WHAT TO DO:
Of the entries below, restate word for word only the section that runs from the line with "move=> x_ge0 [r" to the line with "rewrite (weight_out beta_gt", counting both ends.

RAW DATA:
Lemma no_profitable_deviation i x (o : outcome R n k) : 0 <= x ->
  gsp_outcome alpha (update_bid bids i x) o ->
  utility beta v o i <= utility beta v vcg_result i.
Proof.
move=> x_ge0 [r [rk ->]]; rewrite vcg_result_utility /utility /= !ffunE (slot_valueE _ _ beta_gt).
have [lt_rk | le_kr] := ltnP (r i) k; last first.
  rewrite (weight_out beta_gt le_kr) mul0r subr0.
  by apply: le_trans (vcg_envy_free beta_gt i v_ge0 opt (leqnn k)); rewrite vcg_surplus_out.
apply: le_trans (vcg_envy_free beta_gt i v_ge0 opt (ltnW lt_rk)); apply: lerB => //.
have [lt_rn | le_nr] := ltnP (r i).+1 n; last first.
  rewrite vcg_price_tail // mulr_ge0 ?(weight_ge0 alpha_gt) // nth_highest_ge0 // => l.
  by rewrite /update_bid; case: ifP => _ //; apply: position_bid_ge0.
rewrite -position_bid_price // ler_wpM2l ?(weight_ge0 alpha_gt) //.
exact: (gsp_price_lower_bound position_bid_le rk).
Qed.

End Sufficiency.

Lemma sufficiency (R : realType) n k (alpha beta : nat -> R) :
  Rn_gt n k alpha -> Rn_gt n k beta ->
  (forall v : 'I_n -> R, (forall i, 0 <= v i) ->
   forall j : nat, (j.+1 < k)%N ->
     vcg_price k beta v j.+1 / alpha j.+1 <= vcg_price k beta v j / alpha j) ->
  gsp_vickrey_preserving n k alpha beta.
Proof.
move=> alpha_gt beta_gt ratio_dec v v_ge0; have dec := ratio_dec v v_ge0.
have [s opt] := exists_optimal_assignment beta v.
exists (fun l => position_bid k alpha beta v (s l)).
exists ([ffun i => slot_of k (s i)], [ffun i => clarke beta v s i]).
split; first by exists s.
split=> [l | ]; first exact: position_bid_ge0.
split; first exact: bids_gsp_outcome.
by move=> i x x_ge0 o; apply: no_profitable_deviation.
Qed.

Theorem proposition3 (R : realType) (n k : nat) (alpha beta : nat -> R) :
  Rn_gt n k alpha -> Rn_gt n k beta ->
  (gsp_vickrey_preserving n k alpha beta <->
   forall v : 'I_n -> R, (forall i, 0 <= v i) ->
     forall j : nat, (j.+1 < k)%N ->
       vcg_price k beta v j.+1 / alpha j.+1 <= vcg_price k beta v j / alpha j).
Proof.
by move=> alpha_gt beta_gt; split; [apply: necessity | apply: sufficiency].
Qed.
Lemma dot2_comult psi phi f :
  dot2 psi phi (comult f) = dot (fun a => psi a * phi a) f.
Proof.
apply: eq_bigr => a _; rewrite (bigD1 a) //= /comult eqxx big1 ?addr0 // => b.
by rewrite eq_sym => /negPf ->; rewrite mulr0.
Qed.

Lemma dot2_tens psi phi f g : dot2 psi phi (tens f g) = dot psi f * dot phi g.
Proof.
rewrite /dot big_distrl; apply: eq_bigr => a _; rewrite big_distrr.
by apply: eq_bigr => b _; rewrite /tens mulrACA.
Qed.

Lemma dot2_tensor_ideal J psi phi h : perp J psi -> perp J phi ->
  in_tensor_ideal J h -> dot2 psi phi h = 0.
Proof.
move=> psiJ phiJ [h1 [h2 [e J1 J2]]].
have -> : dot2 psi phi h = dot2 psi phi h1 + dot2 psi phi h2.
  by rewrite -dot2D; apply: eq_bigr => a _; apply: eq_bigr => b _; rewrite e.
have -> : dot2 psi phi h1 = 0.
  rewrite /dot2 exchange_big big1 //= => b _.
  transitivity (phi b * dot psi [ffun a => h1 a b]); last by rewrite psiJ ?mulr0.
  by rewrite /dot big_distrr /=; apply: eq_bigr => a _; rewrite ffunE mulrAC mulrC.
rewrite add0r /dot2 big1 // => a _.
transitivity (psi a * dot phi [ffun b => h2 a b]); last by rewrite phiJ ?mulr0.
by rewrite /dot big_distrr /=; apply: eq_bigr => b _; rewrite ffunE mulrA.
Qed.

End Pairing.

Section FieldDuality.
Variables (F : fieldType) (A : finZmodType).

Definition subspace (J : {ffun A -> F} -> Prop) :=
  [/\ J 0, (forall f g, J f -> J g -> J (f + g))
         & (forall t (f : {ffun A -> F^o}), J f -> J (t *: f))].

Lemma dot_lfun (L : 'End({ffun A -> F^o})) a w :
  L w a = dot (fun b => L (gelt F b) a) w.
Proof.
have scaleE (x : F) (y : F^o) : x *: y = x * y by [].
have wE : w = \sum_b w b *: (gelt F b : {ffun A -> F^o}).
  apply/ffunP => c; rewrite sum_ffunE (bigD1 c) //= !ffunE scaleE eqxx mulr1.
  by rewrite big1 ?addr0 // => b /negPf nb; rewrite !ffunE scaleE eq_sym nb mulr0.
rewrite {1}wE linear_sum sum_ffunE /dot; apply: eq_bigr => b _.
by rewrite linearZ /= ffunE scaleE mulrC.
Qed.
Lemma step_removes_edge C V C' V' :
  step C V C' V' -> exists a b, [/\ C' = a |: C, V' \subset V :\ a :\ b & adj V a b].
Proof.
case=> [p q _ pq | i [v vV /cards1P[j vj]] iV maxi].
  by exists p, q; split.
(* The degree-1 vertex v lies in N_1(j) for its neighbour j, so the maximiser
   i has some degree-1 neighbour y. *)
have vj_adj : adj V v j by move: (set11 j); rewrite -vj inE.
have /card_gt0P[y yi] : (0 < #|N1 V i|)%N.
  apply: leq_trans (maxi j _); last by case/and4P: vj_adj.
  by apply/card_gt0P; exists v; rewrite !inE (adj_sym vj_adj) /deg vj cards1.
move: (yi); rewrite !inE => /andP[iy _].
exists i, y; split => //; apply/subsetP => x.
move=> /setDP[xV]; rewrite in_setU1 negb_or => /andP[xi xN1].
by rewrite !inE xi xV !andbT; apply: contraNneq xN1 => ->.
Qed.

Lemma card_removed_edge (V V' : {set T}) a b :
  adj V a b -> V' \subset V :\ a :\ b ->
  (#|V' :&: G1| < #|V :&: G1|)%N /\ (#|V' :&: G2| < #|V :&: G2|)%N.
Proof.
case/and4P=> aV bV groups _ sV'.
have sa : V' \subset V :\ a by apply: subset_trans sV' (subsetDl _ _).
have sb : V' \subset V :\ b.
  by apply: subset_trans sV' _; apply/subsetP => x; rewrite !inE => /and3P[-> _ ->].
case/orP: groups => /andP[aG bG].
  by split; [exact: card_setI_ltn sa aV aG | exact: card_setI_ltn sb bV bG].
by split; [exact: card_setI_ltn sb bV bG | exact: card_setI_ltn sa aV aG].
Qed.

(* Conclusions (1) and (2) of the theorem, free of truncated subtraction. *)
Definition within_budget (k : nat) (C V : {set T}) : bool :=
  (#|V :&: G1| + #|C| <= k)%N && (#|V :&: G2| + #|C| <= k)%N.

Lemma step_within_budget k C V C' V' :
  step C V C' V' -> within_budget k C V -> within_budget k C' V'.
Proof.
case/step_removes_edge=> a [b [-> sV' ab]] /andP[b1 b2].
have [lt1 lt2] := card_removed_edge ab sV'.
have cardC : (#|a |: C| <= #|C|.+1)%N by rewrite cardsU1 -add1n leq_add2r leq_b1.
by apply/andP; split; lia.
Qed.

Lemma fair_of_not_returns (S1 S2 : {set T}) k1 k2 C V :
  S1 :&: S2 = set0 -> S1 :|: S2 = [set: T] ->
  within_budget (k1 + k2) C V -> ~ returns G1 G2 S1 S2 k1 k2 C V ->
  fair_feasible S1 S2 k1 k2 C.
Proof.
move=> S12 S1u /andP[b1 b2] nret; have := card_partition C S12 S1u.
by split; rewrite leqNgt; apply/negP => lt; apply: nret; [right | left]; lia.
Qed.
Lemma rotate_insert i : i < d -> rotate e (T i) x (a i) = T i.+1.
Proof.
move=> lt_id; have le_id := ltnW lt_id.
apply: rtreeP => [|u].
  rewrite rroot_rotate !insert_root.
  by case: (eqVneq i 0) => [->|i0]; rewrite ?eqxx ?(rpath0 rt vt) // (negbTE root_neq_x).
rewrite rpar_rotate !insert_rpar eqxx /=; case: (eqVneq u x) => // ux.
have [->|uai] := eqVneq u (a i).
  have -> : (a i == a i.+1) = false by apply/eqP => /(rpath_inj rt vt le_id lt_id); lia.
  case: (eqVneq i 0) => [->|i0]; first by rewrite (rpath0 rt vt) rpar_root.
  by rewrite -{2}(prednK (_ : 0 < i)) ?(rpar_rpath rt vt) ?prednK ?lt0n.
have [Hu|Hu] := eqVneq (rpar t u) (Some (a i)).
  have -> : [exists w in desc (T i) u, e x w] = [exists w in desc t u, e x w].
    apply: eq_existsb => w; case: (eqVneq w x) => [->|wx]; first by rewrite eirr !andbF.
    by rewrite insert_desc_neq_x.
  by rewrite (child_nbr_x lt_id Hu); case: eqVneq.
by case: eqVneq => // uai1; move: Hu; rewrite uai1 (rpar_rpath rt vt) // eqxx.
Qed.

Lemma insert_rot_adj i : i < d -> rot_adj e [set: V] (T i) (T i.+1).
Proof.
move=> lt_id; have le_id := ltnW lt_id.
split; [exact: insert_search_tree | split; first exact: insert_search_tree].
left; exists x, (a i); split; last by rewrite rotate_insert.
by rewrite insert_rpar (negbTE (rpath_neq_x le_id)) eqxx.
Qed.

Lemma insert_uniq : uniq [seq T i | i <- iota 0 d.+1].
Proof.
rewrite map_inj_in_uniq ?iota_uniq // => i j.
rewrite !mem_iota !add0n !ltnS => /andP [_ le_id] /andP [_ le_jd] Tij.
have := congr1 (fun s : rtree V => rpar s x) Tij; rewrite /= !insert_rpar eqxx.
case: i j le_id le_jd {Tij} => [|i] [|j] //= le_id le_jd [].
by move/(rpath_inj rt vt (ltnW le_id) (ltnW le_jd)) ->.
Qed.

FINAL ANSWER:
move=> x_ge0 [r [rk ->]]; rewrite vcg_result_utility /utility /= !ffunE (slot_valueE _ _ beta_gt).
have [lt_rk | le_kr] := ltnP (r i) k; last first.
  rewrite (weight_out beta_gt le_kr) mul0r subr0.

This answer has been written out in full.